Recently I'm working on a project EnvPool that can efficiently execute multiple environments concurrently, this is the benchmark result on Nvidia Apollo (96 CPU cores) and DGX-A100 (256 CPU cores) for pure environment simulation:

2021-09-16 10-33-46 的屏幕截图

2021-09-16 10-35-57屏幕截图

As you can see, this is way faster than gym.vector_env (10x). BTW EnvPool also supports multi-agent env. We are going to open-source this project in Sept. or Oct., and I'm wondering if you have any interest in integrating new environments (including your awesome PettingZoo!) after we finishing open-source. Thanks!

@Trinkle23897 I am certainly curious about it. After it is made open source, I will definitely take a look and see if it makes sense to add multi-agent support.
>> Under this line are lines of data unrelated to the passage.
Lemma MinRad_le n v j : (n <> 0)%nat -> Rbar_le (MinRad n v) (Rad n v j).
Proof.
  intro Hn. rewrite <- (Rad_mod n v j Hn).
  apply fold_right_Rbar_min_le, in_map, In_seq_mod, Hn.
Qed.

Lemma Rbar_mult_2_le x r y : Rbar_le x (Finite r) -> 2 * r <= y ->
  Rbar_le (Rbar_mult 2 x) (Finite y).
Proof.
  intros Hx Hy. destruct x as [x| |]; simpl in *; try tauto.
  - lra.
  - unfold Rbar_mult, Rbar_mult'.
    destruct (Rle_dec 0 2) as [H2|H2]; [destruct (Rle_lt_or_eq_dec 0 2 H2)|]; simpl; auto; lra.
Qed.

Lemma double_half_cot_le_sin th m L : PI / 2 <= th <= PI -> 0 <= m <= L ->
  2 * (m / (2 * tan (th / 2))) <= L * sin th.
Proof.
  intros Hth Hm.
  replace (sin th) with (sin (2 * (th / 2))) by (f_equal; field).
  assert (Hh : PI / 4 <= th / 2 <= PI / 2) by lra.
  set (h := th / 2) in *. clearbody h.
  rewrite sin_2a.
  assert (Hc : 0 <= cos h) by (apply cos_ge_0; lra).
  assert (Hs : 0 < sin h) by (apply sin_gt_0; pose proof PI_RGT_0; lra).
  assert (Hs2 : 1 <= 2 * sin h * sin h).
  { assert (Hc2 : cos (2 * h) <= 0) by (apply cos_le_0; lra).
    rewrite cos_2a_sin in Hc2. lra. }
  unfold tan.
  destruct (Req_dec (cos h) 0) as [Z|Z].
  - (* th = PI: Rocq's tan (PI / 2) is 0 (division by 0), and both sides vanish *)
    rewrite Z. unfold Rdiv. rewrite Rinv_0, !Rmult_0_r, Rinv_0. lra.
  - replace (2 * (m / (2 * (sin h / cos h)))) with (m * cos h / sin h) by (field; lra).
    apply (Rle_div_l _ _ _ Hs).
    assert (HL : 0 <= L * cos h) by (apply Rmult_le_pos; lra).
    assert (m * cos h <= L * cos h) by (apply Rmult_le_compat_r; lra).
    assert (L * cos h * 1 <= L * cos h * (2 * sin h * sin h))
      by (apply Rmult_le_compat_l; lra).
    lra.
Qed.

Lemma two_MinRad_le_sin n v j L : (n <> 0)%nat -> PI / 2 <= angle n v j ->
  Rmin (edge_len n v (prev n j)) (edge_len n v j) <= L ->
  Rbar_le (Rbar_mult 2 (MinRad n v)) (Finite (L * sin (angle n v j))).
Proof.
  intros Hn Ha Hm.
  assert (Hb : angle n v j <= PI) by apply acos_bound.
  assert (Hm0 : 0 <= Rmin (edge_len n v (prev n j)) (edge_len n v j))
    by (apply Rmin_glb; apply norm_ge0).
  pose proof (MinRad_le n v j Hn) as H. unfold Rad in H.
  destruct (Req_EM_T (angle n v j) 0) as [E|_]; [pose proof PI_RGT_0; lra|].
  apply (Rbar_mult_2_le _ _ _ H). apply double_half_cot_le_sin; lra.
Qed.

Lemma MinBound_le_at_vertex n v j L D : (n <> 0)%nat ->
  (L = edge_len n v (prev n j) \/ L = edge_len n v j) ->
  L * sin (angle n v j) <= D -> (angle n v j <= PI / 2 -> L <= D) ->
  Rbar_le (MinBound n v) (Finite D) /\
  (PI / 2 <= angle n v j -> Rbar_le (Rbar_mult 2 (MinRad n v)) (Finite D)).
Proof.
  intros Hn HL Hsin Hcos.
  assert (HE : MinEdge n v <= L) by (destruct HL as [-> | ->]; apply MinEdge_le, Hn).
  assert (Hrad : PI / 2 <= angle n v j -> Rbar_le (Rbar_mult 2 (MinRad n v)) (Finite D)).
  { intro Ha. apply Rbar_le_trans with (Finite (L * sin (angle n v j))); [|exact Hsin].
    apply two_MinRad_le_sin; auto.
    destruct HL as [-> | ->]; [apply Rmin_l | apply Rmin_r]. }
  split; [|exact Hrad].
  unfold MinBound. destruct (Rle_lt_dec (angle n v j) (PI / 2)) as [Hac|Hob].
  - apply Rbar_le_trans with (Finite (MinEdge n v)); [apply Rbar_min_r|].
    simpl. specialize (Hcos Hac). lra.
  - apply Rbar_le_trans with (Rbar_mult 2 (MinRad n v)); [apply Rbar_min_l|].
    apply Hrad. lra.
Qed.
Lemma double_sum_subr_sqr_mul_subr M :
  \sum_(m < M) \sum_(n < M) ((m%:R : R) ^+ 2 - n%:R ^+ 2) * (m%:R - n%:R) =
  M%:R ^+ 2 * (M%:R - 1) ^+ 2 * (M%:R + 1) / 6.
Proof.
under eq_bigr do under eq_bigr do rewrite -[_%:R - _%:R]/(_ ^+ 1 - _ ^+ 1).
by rewrite double_sum_mulBB_power_sum power_sum3 power_sum2 power_sum1; field.
Qed.
End DoubleSums.

Lemma sqrtr_gt0_spec {R : rcfType} {x : R} : 0 < x ->
  exists s, [/\ 0 < s, s ^+ 2 = x & Num.sqrt x = s].
Proof. by move=> x_gt0; exists (Num.sqrt x); rewrite sqrtr_gt0 sqr_sqrtr // ltW. Qed.

Section SemicircleIntegral.
Variable R : realType.
Local Notation mu := (@lebesgue_measure R).

Lemma lebesgue_measure_sqr_le (m s : R) :
  mu [set y | (y - m) ^+ 2 <= s] = (2 * Num.sqrt s)%:E.
Proof.
have [s_lt0 | s_ge0] := ltP s 0.
  rewrite ltr0_sqrtr // mulr0 (_ : [set y | _] = set0) ?measure0 //.
  by apply/seteqP; split=> y //= y_le; have := sqr_ge0 (y - m); lra.
rewrite (_ : [set y | _] = `[m - Num.sqrt s, m + Num.sqrt s]%classic); last first.
  by apply/seteqP; split=> y /=; rewrite in_itv /= -ler_distl -sqrtr_sqr ler_sqrt.
rewrite lebesgue_measure_itv /= lte_fin; case: ltP => [_ | degenerate].
  by rewrite -EFinB; congr EFin; ring.
have -> : Num.sqrt s = 0 by have := sqrtr_ge0 s; lra.
by rewrite mulr0.
Qed.

Lemma integral_cos_sqr (k : R) :
  (\int[mu]_(t in `[(- (pi / 2))%R, (pi / 2)%R]) (k * cos t ^+ 2)%:E)%E = (k * pi / 2)%:E.
Proof.
pose P t : R := k / 2 * (t + sin t * cos t).
have dP (t : R) : is_derive t 1 P (k * cos t ^+ 2).
  by apply: is_derive_eq; rewrite /GRing.scale /= !mulrN -!expr2 !cos2sin2; field.
have P_cont : continuous P.
  by move=> t; apply/differentiable_continuous/derivable1_diffP; exact: ex_derive.
have pi_gt0 : 0 < pi :> R := pi_gt0 R.
rewrite (@continuous_FTC2 R _ P).
- by rewrite -EFinB /P !(sinN, cosN, sin_pihalf, cos_pihalf); congr EFin; field.
- lra.
- apply: continuous_subspaceT => t; apply: cvgM; first exact: cvg_cst.
  by rewrite expr2; apply: cvgM; exact: continuous_cos.
- split; first by move=> t _; exact: ex_derive.
  + exact: cvg_at_right_filter (P_cont _).
  + exact: cvg_at_left_filter (P_cont _).
- by move=> t _; rewrite derive1E derive_val.
Qed.

Lemma integral_semicircle (a x0 r : R) : 0 < r ->
  (\int[mu]_x (a * Num.sqrt (r ^+ 2 - (x - x0) ^+ 2))%:E)%E = (a * pi * r ^+ 2 / 2)%:E.
Proof.
move=> r_gt0; pose h x := a * Num.sqrt (r ^+ 2 - (x - x0) ^+ 2).
have pi_gt0 : 0 < pi :> R := pi_gt0 R.
transitivity (\int[mu]_(x in `[(x0 - r)%R, (x0 + r)%R]) (h x)%:E)%E.
  rewrite [RHS]integral_mkcond; apply: eq_integral => x _.
  rewrite patchE; case: ifPn => // x_out.
  rewrite /h ltr0_sqrtr ?mulr0 //.
  move: x_out; rewrite notin_setE /= in_itv /= => /negP; rewrite -ler_distl -ltNge => r_lt.
  by rewrite subr_lt0 -(real_normK (num_real (x - x0))); move: r_gt0 r_lt; nra.
pose F t := x0 + r * sin t.
have dF (t : R) : is_derive t 1 F (r * cos t).
  have := @is_deriveD R R R (cst x0) (fun t => r * sin t) t 1 0 (r * cos t).
  by rewrite add0r; apply.
have F' : F^`()%classic = fun t => r * cos t by apply/funext => t; rewrite derive1E derive_val.
have F_cont : continuous F.
  by move=> t; apply/differentiable_continuous/derivable1_diffP; exact: ex_derive.
have F'_cont : continuous (fun t => r * cos t).
  by move=> t; apply: cvgM; [exact: cvg_cst | exact: continuous_cos].
have h_cont : continuous h.
  move=> x; apply: cvgM; first exact: cvg_cst.
  apply: continuous_comp; last exact: sqrt_continuous.
  apply: cvgB; first exact: cvg_cst.
  by rewrite expr2; apply: cvgM; apply: cvgB; (exact: cvg_id || exact: cvg_cst).
have := @integration_by_substitution_increasing R F h (- (pi / 2)) (pi / 2).
rewrite /F sinN sin_pihalf mulrN1 mulr1 -/F => ->; first last.
- exact: continuous_subspaceT.
- split; first by move=> t _; exact: ex_derive.
  + exact: cvg_at_right_filter (F_cont _).
  + exact: cvg_at_left_filter (F_cont _).
- by rewrite F'; apply/cvg_ex; exists (r * cos (pi / 2)); exact: cvg_at_left_filter (F'_cont _).
- by rewrite F'; apply/cvg_ex; exists (r * cos (- (pi / 2))); exact: cvg_at_right_filter (F'_cont _).
- by rewrite F' => t _; exact: F'_cont.
- by move=> x y x_in y_in xy; rewrite /F ltrD2l ltr_pM2l // ltr_sin.
- lra.
rewrite (_ : a * pi * r ^+ 2 / 2 = a * r ^+ 2 * pi / 2); last by ring.
rewrite -integral_cos_sqr; apply: eq_integral => t.
rewrite inE /= in_itv /= => t_in; rewrite F'; congr EFin.
change (a * Num.sqrt (r ^+ 2 - (x0 + r * sin t - x0) ^+ 2) * (r * cos t) = a * r ^+ 2 * cos t ^+ 2).
have -> : r ^+ 2 - (x0 + r * sin t - x0) ^+ 2 = (r * cos t) ^+ 2.
  by rewrite exprMn cos2sin2; ring.
rewrite sqrtr_sqr ger0_norm; last by rewrite mulr_ge0 ?cos_ge0_pihalf // ltW.
by ring.
Qed.
End SemicircleIntegral.

Section PositiveDefiniteForm.
Context {R : realType} {A B C : R} (x0 y0 : R).
Hypotheses (C_gt0 : 0 < C) (disc_gt0 : 0 < A * C - B ^+ 2).

Local Notation D := (A * C - B ^+ 2).
Local Notation q := (quadE A B C x0 y0).

Lemma quadE_lead_gt0 : 0 < A.
Proof.
have B2_ge0 : 0 <= B ^+ 2 := sqr_ge0 B.
have AC_gt0 : 0 < A * C by move: disc_gt0; lra.
by rewrite -(pmulr_lgt0 _ C_gt0).
Qed.

Lemma quadE_complete_square (p : R * R) :
  C * q p = (C * (p.2 - y0) + B * (p.1 - x0)) ^+ 2 + D * (p.1 - x0) ^+ 2.
Proof. by rewrite /quadE; ring. Qed.

Lemma quadE_level_is_ellipse (K : R) : 0 < K ->
  is_ellipse_centred [set p | q p = K] x0 y0.
Proof.
move=> K_gt0; have K_neq0 : K != 0 by rewrite gt_eqF.
exists (A / K), (B / K), (C / K); split; last split.
- by rewrite divr_gt0 ?quadE_lead_gt0.
- rewrite -subr_gt0 (_ : _ - _ = D / K ^+ 2); last by field.
  by rewrite divr_gt0 ?exprn_gt0.
- have scaled p : A / K * (p.1 - x0) ^+ 2 + 2 * (B / K) * (p.1 - x0) * (p.2 - y0)
      + C / K * (p.2 - y0) ^+ 2 = q p / K by rewrite /quadE; field.
  by apply/seteqP; split=> p /=; rewrite scaled; [move=> ->; rewrite divff | move/divr1_eq].
Qed.

Lemma quadE_fst_dist (K : R) (p : R * R) :
  q p <= K -> `|p.1 - x0| <= Num.sqrt (K * C / D).
Proof.
move=> qpK.
have DuKC : D * (p.1 - x0) ^+ 2 <= K * C.
  have := quadE_complete_square p; have := sqr_ge0 (C * (p.2 - y0) + B * (p.1 - x0)).
  by rewrite mulrC; move: C_gt0 qpK; nra.
have u2_le : (p.1 - x0) ^+ 2 <= K * C / D by rewrite ler_pdivlMr // mulrC.
by rewrite -sqrtr_sqr ler_sqrt // (le_trans (sqr_ge0 _) u2_le).
Qed.

Lemma quadE_fst_extremal (K s : R) :
  s ^+ 2 = K * C / D -> q (x0 + s, y0 - B * s / C) = K.
Proof.
move=> s2; apply: (mulfI (lt0r_neq0 C_gt0)); rewrite quadE_complete_square /= (addrC x0) addrK s2.
by field; rewrite !gt_eqF.
Qed.

Lemma quadE_level_fst_extent (K : R) : 0 <= K ->
  let r := Num.sqrt (K * C / D) in
  is_max (fst @` [set p | q p = K]) (x0 + r) /\
  is_min (fst @` [set p | q p = K]) (x0 - r).
Proof.
move=> K_ge0 r; have r2 : r ^+ 2 = K * C / D.
  by rewrite sqr_sqrtr // divr_ge0 ?mulr_ge0 // ltW.
have bound y : (fst @` [set p | q p = K]) y -> x0 - r <= y <= x0 + r.
  by case=> p qpK <-; rewrite -ler_distl quadE_fst_dist // qpK.
split; split.
- by exists (x0 + r, y0 - B * r / C) => //; apply: quadE_fst_extremal.
- by move=> y /bound /andP[].
- by exists (x0 + - r, y0 - B * - r / C) => //; apply: quadE_fst_extremal; rewrite sqrrN.
- by move=> y /bound /andP[].
Qed.

Lemma xsection_enclosed (K x : R) :
  xsection (enclosed A B C x0 y0 K) x =
  [set y | (y - (y0 - B * (x - x0) / C)) ^+ 2 <= (K * C - D * (x - x0) ^+ 2) / C ^+ 2].
Proof.
have in_section y : (q (x, y) <= K) =
    ((y - (y0 - B * (x - x0) / C)) ^+ 2 <= (K * C - D * (x - x0) ^+ 2) / C ^+ 2).
  have sq : (y - (y0 - B * (x - x0) / C)) ^+ 2 - (K * C - D * (x - x0) ^+ 2) / C ^+ 2
      = (q (x, y) - K) / C by rewrite /quadE /=; field; rewrite gt_eqF.
  by rewrite -[RHS]subr_le0 sq pmulr_lle0 ?invr_gt0 // subr_le0.
by apply/seteqP; split=> y; rewrite /xsection /enclosed /= inE /= in_section.
Qed.

Lemma enclosed_measure (K : R) : 0 < K ->
  ((lebesgue_measure \x lebesgue_measure)%E (enclosed A B C x0 y0 K) =
   (pi * K / Num.sqrt D)%:E).
Proof.
move=> K_gt0; rewrite /product_measure1 /=.
set r := Num.sqrt (K * C / D).
have r_gt0 : 0 < r by rewrite sqrtr_gt0 divr_gt0 ?mulr_gt0.
have sqrtD_gt0 : 0 < Num.sqrt D by rewrite sqrtr_gt0.
have section_len x : (K * C - D * (x - x0) ^+ 2) / C ^+ 2 =
    (Num.sqrt D / C) ^+ 2 * (r ^+ 2 - (x - x0) ^+ 2).
  by rewrite expr_div_n !sqr_sqrtr ?divr_ge0 ?mulr_ge0 ?ltW //; field; rewrite !gt_eqF.
under eq_integral do rewrite xsection_enclosed lebesgue_measure_sqr_le section_len
  sqrtrM ?sqr_ge0 // sqrtr_sqr ger0_norm ?divr_ge0 ?ltW // mulrA.
rewrite integral_semicircle //; congr EFin.
rewrite sqr_sqrtr ?divr_ge0 ?mulr_ge0 ?ltW //.
by rewrite -{2}(sqr_sqrtr (ltW disc_gt0)); field; rewrite !gt_eqF.
Qed.
End PositiveDefiniteForm.

Lemma quadE_swap (R : realType) (A B C x0 y0 : R) (p : R * R) :
  quadE A B C x0 y0 p = quadE C B A y0 x0 (p.2, p.1).
Proof. by rewrite /quadE /=; ring. Qed.

Lemma quadE_level_snd_extent {R : realType} {A B C : R} (x0 y0 : R) :
  0 < C -> 0 < A * C - B ^+ 2 -> forall K : R, 0 <= K ->
  let r := Num.sqrt (K * A / (A * C - B ^+ 2)) in
  is_max (snd @` [set p | quadE A B C x0 y0 p = K]) (y0 + r) /\
  is_min (snd @` [set p | quadE A B C x0 y0 p = K]) (y0 - r).
Proof.
move=> C_gt0 disc_gt0 K K_ge0 r.
have -> : snd @` [set p | quadE A B C x0 y0 p = K] = fst @` [set p | quadE C B A y0 x0 p = K].
  apply/seteqP; split=> y [[u v] /= quv <-].
  - by exists (v, u); rewrite //= -quv quadE_swap.
  - by exists (v, u); rewrite //= -quv quadE_swap.
have A_gt0 := quadE_lead_gt0 C_gt0 disc_gt0.
rewrite /r mulrC in disc_gt0 *.
exact: quadE_level_fst_extent.
Qed.

Section BeamPattern.
Variables (R : realType) (M : nat) (c fc d RD thD : R).

Local Notation N := (M%:R : R).
Local Notation a := (d ^+ 2 * fc / (2 * RD ^+ 2)).
Local Notation X := (beamX M c d fc RD).
Local Notation Y := (beamY M c d fc RD thD).
Local Notation Z := (beamZ M c d fc thD).

Lemma xiB (m n : nat) : xi d fc RD m - xi d fc RD n = - a * (m%:R ^+ 2 - n%:R ^+ 2).
Proof. by rewrite /xi; ring. Qed.

Lemma beamXE : X = 4 * pi ^+ 2 / c ^+ 2 * a ^+ 2 *
  (N ^+ 2 * (N - 1) * (2 * N - 1) * (8 * N ^+ 2 - 3 * N - 11) / 90).
Proof.
have scale : \sum_(m < M) \sum_(n < M) (xi d fc RD m - xi d fc RD n) ^+ 2 =
    a ^+ 2 * \sum_(m < M) \sum_(n < M) ((m%:R : R) ^+ 2 - n%:R ^+ 2) ^+ 2.
  rewrite mulr_sumr; apply: eq_bigr => m _; rewrite mulr_sumr; apply: eq_bigr => n _.
  by rewrite xiB exprMn sqrrN.
by rewrite /beamX scale double_sum_subr_sqr_sqr mulrA.
Qed.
On the side, I have been a big fan of heavy use of vector environments, and I am surprised that they performed so poorly. Do you have a sense of why the sync EnvPool is more efficient than gym's AsyncVectorEnv?

So first of all, in my context gym's AsyncVectorEnv is sync step because they step all of the environments simultaneously, no matter they use different sub-process to execute env.step.

EnvPool-sync can achieve 3x faster than gym's vector_env is mainly because of two things: one for directly C++ env integration and C++ level parallelization, and another one for efficient data movement and batching operation via pybind11.

EnvPool-async's behavior is exactly the same as tianshou's VectorEnv which has implemented async step, see https://tianshou.readthedocs.io/en/master/tutorials/cheatsheet.html#parallel-sampling or thu-ml/tianshou#103

see if it makes sense to add multi-agent support.

I've already integrated vizdoom multi-agent CIG game by following Sample-Factory's approach (tons of env wrapper...).

@Trinkle23897 Its cool that you have implemented multi-agent support for vizdoom.

As for EnvPool, I totally understand that asynchronous execution can be much more efficient than synchronous execution. But I suspect that the main performance gaps between EnvPool-sync and gym's AsyncVecEnv can be bridged in pure python, by making effective use of low level process primitives such as process shared memory, process events, locks, and zero-copy numpy operations. Gym's vector envs don't make perfect use of these low level primitives, but its usage isn't terribly inefficient either. So I tried to reproduce these performance plots.

Here is my code to benchmark gym's envs:

import gym
import supersuit
import multiprocessing
import random
import time

num_frame_skips = 4
num_envs = 24

def benchmark(venv):
    # seeds each sub-env differently
    venv.seed(42)
    venv.reset()
    start = time.time()
    num_steps = 1000
    for i in range(num_steps):
        actions = [random.randrange(4) for i in range(venv.num_envs)]
        obs, rews, dones, infos = venv.step(actions)
    end = time.time()
    steps_per_sec = num_steps * venv.num_envs / (end - start)
    return steps_per_sec

def make_env():
    env = gym.make("PongNoFrameskip-v4")
    env = supersuit.frame_skip_v0(env, 4)
    return env

if __name__ == "__main__":
    env = make_env()

    print(f"env_gym: {num_frame_skips*benchmark(gym.vector.SyncVectorEnv([make_env]*1, env.observation_space, env.action_space))}")
    print(f"vec_env_gym: {num_frame_skips*benchmark(gym.vector.AsyncVectorEnv([make_env]*num_envs, env.observation_space, env.action_space))}")

On my 12 core, 24 thread Threadripper 1920x machine, with gym==0.18.0 I am getting the following results:

env_gym: 4843.880482389659
vec_env_gym: 33358.061431865965

If the above benchmark is correct, is suggests that the vector env isn't that inefficient, getting a 6x speedup over the single threaded version. And it is performing better than the 96 core machine. Any thoughts on this?

not really.
2021-09-19 12-03-33 的屏幕截图

40k ~ 50k fps in gerenal from my trials